**Description of the task:** As the answer, set down the lines below from the one containing "[exists p in T, (p.1" through the one containing "[exists q in T, (q.1", exactly and inclusively, and no others.

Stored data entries
%%

(* For every $n\ge 2$, $f(n,n-1)=f(n+1,n-1)-f(n,n-2)$.
   Context: A complete non-ambiguous matrix (CNM) of size $n$ is an $n\times n$ matrix $M=(m_{i,j})$ with entries in $\{0,1\}$ whose support $T=\{(i,j): m_{i,j}=1\}$ (whose elements are called vertices) satisfies: (1) $(1,1)\in T$; (2) for every $p=(i,j)\in T$ with $p\neq(1,1)$, exactly one of the following holds: there is $(i',j)\in T$ with $i'<i$, or there is $(i,j')\in T$ with $j'<j$; (3) every row and every column of $M$ contains at least one vertex; (4) define the parent of $p=(i,j)\neq(1,1)$ to be $(i',j)$ with $i'<i$ maximal if such a vertex exists, and otherwise $(i,j')$ with $j'<j$ maximal; then every vertex is the parent of either zero or exactly two vertices. A vertex with no children is a leaf. A CNM of size $n$ is upper-diagonal if its leaves are exactly the positions $(i,n+1-i)$, $1\le i\le n$. For $n\ge 2$ and $0\le k\le n-2$, $f(n,k)$ is the number of upper-diagonal CNMs $M$ of size $n$ with $m_{i,n-i}=0$ for $1\le i\le k$ and $m_{k+1,n-k-1}=1$; $f(n,n-1)$ is the number of upper-diagonal CNMs of size $n$ with $m_{i,n-i}=0$ for all $1\le i\le n-1$; by convention $f(n,-1)=0$. *)

From mathcomp Require Import all_boot.
Set Implicit Arguments. Unset Strict Implicit. Unset Printing Implicit Defensive.

(* Convention: a matrix of size n is
   represented by its support T : {set 'I_n * 'I_n}, with 0-based indices:
   the pair (i, j) stands for the paper's position (i+1, j+1). *)

Section CNM.
Variable n : nat.
Implicit Types (T : {set 'I_n * 'I_n}) (p q r : 'I_n * 'I_n).

Definition inT T (a b : nat) : bool :=
  [exists p in T, (p.1 == a :> nat) && (p.2 == b :> nat)].

Definition is_root p : bool := (p.1 == 0 :> nat) && (p.2 == 0 :> nat).

Definition has_above T p : bool :=
  [exists q in T, (q.2 == p.2) && (q.1 < p.1)].
Definition has_left T p : bool :=
  [exists q in T, (q.1 == p.1) && (q.2 < p.2)].

Definition parent_of T q p : bool :=
  [&& p \in T, q \in T, ~~ is_root p &
   if has_above T p then
     [&& q.2 == p.2, q.1 < p.1 &
        [forall r in T, (r.2 == p.2) && (r.1 < p.1) ==> (r.1 <= q.1)]]
   else
     [&& q.1 == p.1, q.2 < p.2 &
        [forall r in T, (r.1 == p.1) && (r.2 < p.2) ==> (r.2 <= q.2)]]].

Definition children T q : {set 'I_n * 'I_n} := [set p | parent_of T q p].

Definition is_CNM T : bool :=
  [&& inT T 0 0,
      [forall p in T, ~~ is_root p ==> (has_above T p != has_left T p)],
      [forall i : 'I_n, [exists p in T, p.1 == i]] &&
                [forall j : 'I_n, [exists p in T, p.2 == j]] &
      [forall q in T, (#|children T q| == 0) || (#|children T q| == 2)]].

Definition is_leaf T q : bool := (q \in T) && (#|children T q| == 0).

(* leaves are exactly the paper's positions (i, n+1-i), 1 <= i <= n,
   i.e. the 0-based positions (a, b) with a + b = n - 1 *)
Definition upper_diagonal T : bool :=
  [forall p, is_leaf T p == (p.1 + p.2 == n.-1)].

Definition is_UDCNM T : bool := is_CNM T && upper_diagonal T.

End CNM.

(* f n k for 0 <= k <= n-1 (n >= 2): paper's m_{i,n-i} = 0 for 1 <= i <= k
   (0-based position (i-1, n-1-i)), and, when k <= n-2, m_{k+1,n-k-1} = 1
   (0-based position (k, n-2-k)). For k = n-1 this is the paper's f(n,n-1). *)
Definition f (n k : nat) : nat :=
  #|[set T : {set 'I_n * 'I_n} |
      [&& is_UDCNM T,
          [forall a : 'I_k, ~~ inT T a (n - 2 - a)] &
          (k < n.-1) ==> inT T k (n - 2 - k)]]|.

%%

**Solution for this problem:**
  [exists p in T, (p.1 == a :> nat) && (p.2 == b :> nat)].

Definition is_root p : bool := (p.1 == 0 :> nat) && (p.2 == 0 :> nat).

Definition has_above T p : bool :=
  [exists q in T, (q.2 == p.2) && (q.1 < p.1)].
Definition has_left T p : bool :=
  [exists q in T, (q.1 == p.1) && (q.2 < p.2)].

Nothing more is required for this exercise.